Austin argues that since this conviction was his first felony offense, that his sentence was excessive because it was greater than the presumptive sentence for a person who had a prior felony. [2] Normally a1 first offender should receive a more favorable sentence than the presumptive sen[*658] tence for a second offender. It is clear this rule should be violated only in an exceptional case. However, it is also clear that the legislature did not intend to say that a first offender could never receive more time to serve than the presumptive sentence for a second offender, since the statute easily could have been written to accomplish that result.

We have concluded Austin’s case is one of those exceptional cases where a sentence for a first felony offender can exceed the presumptive sentence for a second offender. The most important factor which supports the sentence which was imposed is the extensive juvenile record of the defendant. Austin was only eighteen at the time of this incident and had not been convicted of a felony as an adult, but he had a long juvenile record which started in 1968 when he was seven years old. The presentence report outlines constant and numerous offenses and probation violations. [3] Also, the report, in its evaluation of Austin, was concerned with the “almost continuous” nature in which offenses were committed. [4] Many of these charges would have been felonies if the defendant had been an adult at the time of the offense.

The circumstances of the offense of unlawfully taking the car were also aggravated. Austin was driving the stolen car when a police officer in a police car attempted to stop him. He accelerated, trying to elude the officer. While attempting to turn a corner he crashed into a parked car. He did considerable damage to three vehicles, including the stolen car.

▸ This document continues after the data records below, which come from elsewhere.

Section NewtonStepNeighbourhood.
Variables (R : realFieldType) (I : finType).
Variables (x s dx ds : I -> R) (mu beta eta w : R).
Hypotheses (x_gt0 : forall i, 0 < x i) (s_gt0 : forall i, 0 < s i) (mu_gt0 : 0 < mu).
Hypothesis sum_xs : \sum_i x i * s i = #|I|%:R * mu.
Hypothesis xs_near : \sum_i (x i * s i - mu) ^+ 2 <= beta ^+ 2 * mu ^+ 2.
Hypotheses (beta_ge0 : 0 <= beta) (beta_small : beta <= 21/50) (eta_le_beta : eta <= beta).
Hypothesis card_eta : #|I|%:R * eta ^+ 2 = beta ^+ 2.
Hypothesis newton_eq : forall i, s i * dx i + x i * ds i = (1 - eta) * mu - x i * s i.
Hypothesis sum_dxds : \sum_i dx i * ds i = w.
Hypothesis w_ge0 : 0 <= w.

Let beta_lt1 : 0 < 1 - beta.
Proof. by have := beta_small; lra. Qed.

Let one_sub_eta_ge : 58/100 <= 1 - eta.
Proof. by have := beta_small; have := eta_le_beta; lra. Qed.

Let P_ge0 : 0 <= 37/100 * beta * mu.
Proof. by apply: mulr_ge0; [apply: mulr_ge0 => //; lra | exact: ltW]. Qed.

Let xs_ge i : (1 - beta) * mu <= x i * s i.
Proof.
apply: ge_of_sqr_dev_le => //; apply: le_trans xs_near.
exact: ler_sum_term i (fun j => sqr_ge0 (x j * s j - mu)).
Qed.

(* The cross term vanishes because the [x i * s i] average to [mu]. *)
Let sum_sqr_target :
  \sum_i ((1 - eta) * mu - x i * s i) ^+ 2 <= 2 * (beta ^+ 2 * mu ^+ 2).
Proof.
have -> : \sum_i ((1 - eta) * mu - x i * s i) ^+ 2 = \sum_i (x i * s i - mu) ^+ 2
    + \sum_i 2 * eta * mu * (x i * s i - mu) + \sum_(i : I) eta ^+ 2 * mu ^+ 2.
  by rewrite -!big_split /=; apply: eq_bigr => i _; ring.
have -> : \sum_i 2 * eta * mu * (x i * s i - mu) = 0.
  by rewrite -mulr_sumr sumrB sum_xs sumr_const_card subrr mulr0.
by rewrite sumr_const_card mulrA card_eta addr0 mulr_natl mulr2n lerD2r.
Qed.

Lemma sum_pospart_newton_prod : \sum_i pospart (dx i * ds i) <= 37/100 * beta * mu.
Proof.
have den_gt0 : 0 < 4 * ((1 - beta) * mu).
  by apply: mulr_gt0 => //; exact: mulr_gt0 beta_lt1 mu_gt0.
apply: (@le_trans _ _ (\sum_i ((1 - eta) * mu - x i * s i) ^+ 2 / (4 * ((1 - beta) * mu)))).
  apply: ler_sum => i _; apply: pospart_le_ge0; last by rewrite divr_ge0 ?sqr_ge0 ?ltW.
  have xs_gt0 : 0 < x i * s i by rewrite mulr_gt0.
  apply: le_trans (mul_le_sqr_div xs_gt0 (newton_eq i)) _.
  rewrite ler_wpM2l ?sqr_ge0 // lef_pV2 ?posrE ?mulr_gt0 // ler_pM2l //.
rewrite -mulr_suml ler_pdivrMr //; apply: le_trans sum_sqr_target _.
have : 0 <= beta * mu ^+ 2 * (21/50 - beta).
  by apply: mulr_ge0; [rewrite mulr_ge0 ?sqr_ge0 | rewrite subr_ge0].
rewrite expr2; nra.
Qed.

Lemma newton_step_gt0 i : 0 < x i + dx i.
Proof.
apply: (newton_ray_gt0 (L := 37/100 * beta * mu) (x_gt0 i) (s_gt0 i) (newton_eq i) (xs_ge i)).
- by rewrite ler_pM2r //; have := eta_le_beta; lra.
- have := ge_sum_pospart (f := fun j => dx j * ds j) i; rewrite sum_dxds => /(_ w_ge0).
  by apply: le_trans; rewrite lerN2 sum_pospart_newton_prod.
- exact: P_ge0.
- by rewrite ltr_pM2r //; have := beta_small; lra.
Qed.

(* [dx * ds - w e_l] has zero sum and positive part below that of [dx * ds];
   the constant [2 (37/100)^2 <= (58/100)^2 <= (1 - eta)^2] closes the bound. *)
Lemma newton_step_near (l : I) :
  \sum_i (dx i * ds i - (i == l)%:R * w) ^+ 2 <= beta ^+ 2 * ((1 - eta) * mu) ^+ 2.
Proof.
pose d i := dx i * ds i - (i == l)%:R * w.
have sum_d : \sum_i d i = 0 by rewrite /d sumrB sum_delta sum_dxds subrr.
have pos_d : \sum_i pospart (d i) <= 37/100 * beta * mu.
  apply: le_trans sum_pospart_newton_prod; apply: ler_sum => i _; apply: pospart_le.
  by rewrite /d lerBlDr lerDl mulr_ge0 ?ler0n.
apply: le_trans (sum_sqr_le_sum_pospart sum_d) _.
have pos_d2 : (\sum_i pospart (d i)) ^+ 2 <= (37/100 * beta * mu) ^+ 2.
  by rewrite ler_sqr ?nnegrE ?P_ge0 ?sumr_ge0 // => i _; apply: pospart_ge0.
have : (58/100 * mu) ^+ 2 <= ((1 - eta) * mu) ^+ 2.
  have mu58_ge0 : 0 <= 58/100 * mu by apply: mulr_ge0; [lra | exact: ltW].
  by rewrite ler_sqr ?nnegrE ?ler_pM2r // (le_trans mu58_ge0) // ler_pM2r // one_sub_eta_ge.
have : 0 <= beta ^+ 2 * mu ^+ 2 by rewrite mulr_ge0 ?sqr_ge0.
rewrite !exprMn in pos_d2 *; nra.
Qed.

End NewtonStepNeighbourhood.

Section InnerProduct.
Context {R : realType}.
Implicit Types (m : nat).

Lemma dotvE m (u v : 'cV[R]_m) : dotv u v = (u^T *m v) 0 0.
Proof. by rewrite /dotv !mxE; apply: eq_bigr => i _; rewrite mxE. Qed.

Lemma dotvC m (u v : 'cV[R]_m) : dotv u v = dotv v u.
Proof. by rewrite /dotv; apply: eq_bigr => i _; rewrite mulrC. Qed.

Lemma dotvDl m (u v w : 'cV[R]_m) : dotv (u + v) w = dotv u w + dotv v w.
Proof. by rewrite /dotv -big_split; apply: eq_bigr => i _; rewrite mxE mulrDl. Qed.

Lemma dotvDr m (u v w : 'cV[R]_m) : dotv w (u + v) = dotv w u + dotv w v.
Proof. by rewrite dotvC dotvDl !(dotvC w). Qed.

Lemma dotvZl m a (u w : 'cV[R]_m) : dotv (a *: u) w = a * dotv u w.
Proof. by rewrite /dotv mulr_sumr; apply: eq_bigr => i _; rewrite mxE mulrA. Qed.

Lemma dotvZr m a (u w : 'cV[R]_m) : dotv w (a *: u) = a * dotv w u.
Proof. by rewrite dotvC dotvZl dotvC. Qed.

Lemma dotvNl m (u w : 'cV[R]_m) : dotv (- u) w = - dotv u w.
Proof. by rewrite -scaleN1r dotvZl mulN1r. Qed.

Lemma dotvNr m (u w : 'cV[R]_m) : dotv w (- u) = - dotv w u.
Proof. by rewrite dotvC dotvNl dotvC. Qed.

Lemma dotvBl m (u v w : 'cV[R]_m) : dotv (u - v) w = dotv u w - dotv v w.
Proof. by rewrite dotvDl dotvNl. Qed.

Lemma dotvBr m (u v w : 'cV[R]_m) : dotv w (u - v) = dotv w u - dotv w v.
Proof. by rewrite dotvDr dotvNr. Qed.

Lemma dotv_mulmx m n (M : 'M[R]_(m, n)) (u : 'cV[R]_m) (v : 'cV[R]_n) :
  dotv u (M *m v) = dotv (M^T *m u) v.
Proof. by rewrite !dotvE trmx_mul trmxK mulmxA. Qed.

Lemma dotv_col_mx m1 m2 (a1 b1 : 'cV[R]_m1) (a2 b2 : 'cV[R]_m2) :
  dotv (col_mx a1 a2) (col_mx b1 b2) = dotv a1 b1 + dotv a2 b2.
Proof.
rewrite /dotv big_split_ord /=; congr (_ + _); apply: eq_bigr => i _.
  by rewrite !col_mxEu.
by rewrite !col_mxEd.
Qed.

Lemma hadamE m (u v : 'cV[R]_m) i : hadam u v i 0 = u i 0 * v i 0.
Proof. by rewrite mxE. Qed.

Lemma dotv_hadam m (u v : 'cV[R]_m) : dotv u v = \sum_i hadam u v i 0.
Proof. by apply: eq_bigr => i _; rewrite hadamE. Qed.

Lemma trmx_mul_dotv m (u v : 'cV[R]_m) : u^T *m v = (dotv u v)%:M.
Proof. by rewrite dotvE -mx11_scalar. Qed.

Lemma scalar_mx11E (a : R) : (a%:M : 'M[R]_1) 0 0 = a.
Proof. by rewrite mxE eqxx mulr1n. Qed.

Lemma const_mx11 (a : R) : const_mx a = a%:M :> 'cV[R]_1.
Proof. by apply/matrixP => i j; rewrite !ord1 !mxE. Qed.

Lemma enormZ m a (v : 'cV[R]_m) : 0 <= a -> enorm (a *: v) = a * enorm v.
Proof.
move=> a0; rewrite /enorm; under eq_bigr => i _ do rewrite mxE exprMn.
by rewrite -mulr_sumr sqrtrM ?sqr_ge0 // sqrtr_sqr ger0_norm.
Qed.

Lemma enorm_le m (v : 'cV[R]_m) a : 0 <= a -> (enorm v <= a) = (\sum_i v i 0 ^+ 2 <= a ^+ 2).
Proof. by move=> a0; rewrite /enorm -{1}(ger0_norm a0) -sqrtr_sqr ler_sqrt // sqr_ge0. Qed.

Lemma dotv_onesv m : dotv (onesv R m) (onesv R m) = m%:R.
Proof. by rewrite /dotv; under eq_bigr => i _ do rewrite mxE mulr1; rewrite sumr_const card_ord. Qed.

End InnerProduct.

Section PsiAlgebra.
Context {R : realType} {nz nb : nat}.
Variables (Q : 'M[R]_nz) (c : 'cV[R]_nz) (A : 'M[R]_(nb, nz)) (b : 'cV[R]_nb).
Local Notation nn := (nz + nb)%N.
Local Notation vec := 'cV[R]_(nn + 1).
Local Notation K := (Mp Q c A b).
Local Notation qq := (qp Q c A b).
Local Notation psi := (psi Q c A b).
Local Notation jac := (jac_psi Q c A b).
Local Notation qf v := (dotv v (K *m v)).
Local Notation e_tau := (col_mx 0 1%:M : vec).

Lemma sigma_ge1 : 1 <= sigma Q c A b.
Proof. by rewrite /sigma !le_max lexx. Qed.

Lemma sigma_gt0 : 0 < sigma Q c A b.
Proof. exact: lt_le_trans ltr01 sigma_ge1. Qed.

Lemma xbar_split (xb : vec) : xb = col_mx (xpart xb) (tau xb)%:M.
Proof. by rewrite /xpart /tau -mx11_scalar vsubmxK. Qed.

Lemma xbar_eq (u v : vec) : xpart u = xpart v -> tau u = tau v -> u = v.
Proof. by move=> eqx eqt; rewrite (xbar_split u) (xbar_split v) eqx eqt. Qed.

Lemma dotv_xbar (u v : vec) : dotv u v = dotv (xpart u) (xpart v) + tau u * tau v.
Proof. by rewrite {1}(xbar_split u) {1}(xbar_split v) dotv_col_mx {2}/dotv big_ord1 !scalar_mx11E. Qed.

Lemma xpartD (u v : vec) : xpart (u + v) = xpart u + xpart v.
Proof. by apply/matrixP => i j; rewrite !mxE. Qed.

Lemma tauD (u v : vec) : tau (u + v) = tau u + tau v.
Proof. by rewrite /tau !mxE. Qed.

Lemma xpartZ a (u : vec) : xpart (a *: u) = a *: xpart u.
Proof. by apply/matrixP => i j; rewrite !mxE. Qed.

Lemma tauZ a (u : vec) : tau (a *: u) = a * tau u.
Proof. by rewrite /tau !mxE. Qed.

Lemma xpartN (u : vec) : xpart (- u) = - xpart u.
Proof. by apply/matrixP => i j; rewrite !mxE. Qed.

Lemma tauN (u : vec) : tau (- u) = - tau u.
Proof. by rewrite /tau !mxE. Qed.

Lemma xpart_e_tau : xpart e_tau = 0.
Proof. by rewrite /xpart col_mxKu. Qed.

Lemma tau_e_tau : tau e_tau = 1.
Proof. by rewrite /tau col_mxKd scalar_mx11E. Qed.

Lemma xpart_psi xb : xpart (psi xb) = K *m xpart xb + tau xb *: qq.
Proof. by rewrite /psi /= /xpart col_mxKu. Qed.

Lemma tau_psi xb : tau (psi xb) = - qf (xpart xb) / tau xb - dotv (xpart xb) qq.
Proof. by rewrite {1}/psi /= {1}/tau col_mxKd mxE !dotvE mulmxA. Qed.

Lemma xpart_jac_psi xb d : xpart (jac xb *m d) = K *m xpart d + tau d *: qq.
Proof.
by rewrite {1}(xbar_split d) /jac_psi /= mul_block_col /xpart col_mxKu mul_mx_scalar.
Qed.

After the collision Austin got out of the car and ran away from the scene on foot.

Given the aggravated nature of the offense and the long juvenile record of the defendant, we conclude the sentence imposed was not clearly mistaken. [5]

The decision of the superior court is therefore AFFIRMED.

1

. AS 11.46.482(a)(4) provides as follows:

(a) A person commits the crime of criminal mischief in the second degree if, having no right to do so or any reasonable ground to believe he has such a right,
(4) he drives, tows away, or takes the propelled vehicle of another and damages the vehicle in an amount of $500 or more or causes the owner to incur reasonable expenses of $500 or more as a result of the loss of the use of the vehicle.
2

. AS 12.55.125(e) provides as follows:

(e) A defendant convicted of a class C felony may be sentenced to a definite term of imprisonment of not more than five years, and shall be sentenced to the following presump[*658] tive terms, subject to adjustment as provided in AS 12.55.155-12.55.175:
(1) if the offense is a second felony conviction, two years;
(2) if the offense is a third felony conviction, three years.
3

.Austin’s record is so extensive and involves so many offenses that it is difficult to list them all. According to the presentence report, his record includes several burglaries and theft offenses. Significantly, Austin’s record includes five different incidents of joyriding. Austin has been placed in various juvenile institutions and programs as a result of his juvenile offenses. Upon release, his pattern of behavior has been to commit additional offenses. The record also shows Austin was convicted on a charge of criminal trespass in the second degree while he was released pending sentencing on the current charge.

4

. AS 12.55.015(b)(3) provides:

(b) The court, in exercising sentencing discretion as provided in this chapter, shall impose a sentence involving imprisonment when ...
(3)sentences of lesser severity have been repeatedly imposed for substantially similar offenses in the past and have proven ineffective in deterring the defendant from further criminal conduct.
5

. McClain v. State, 519 P.2d 811 (Alaska 1974).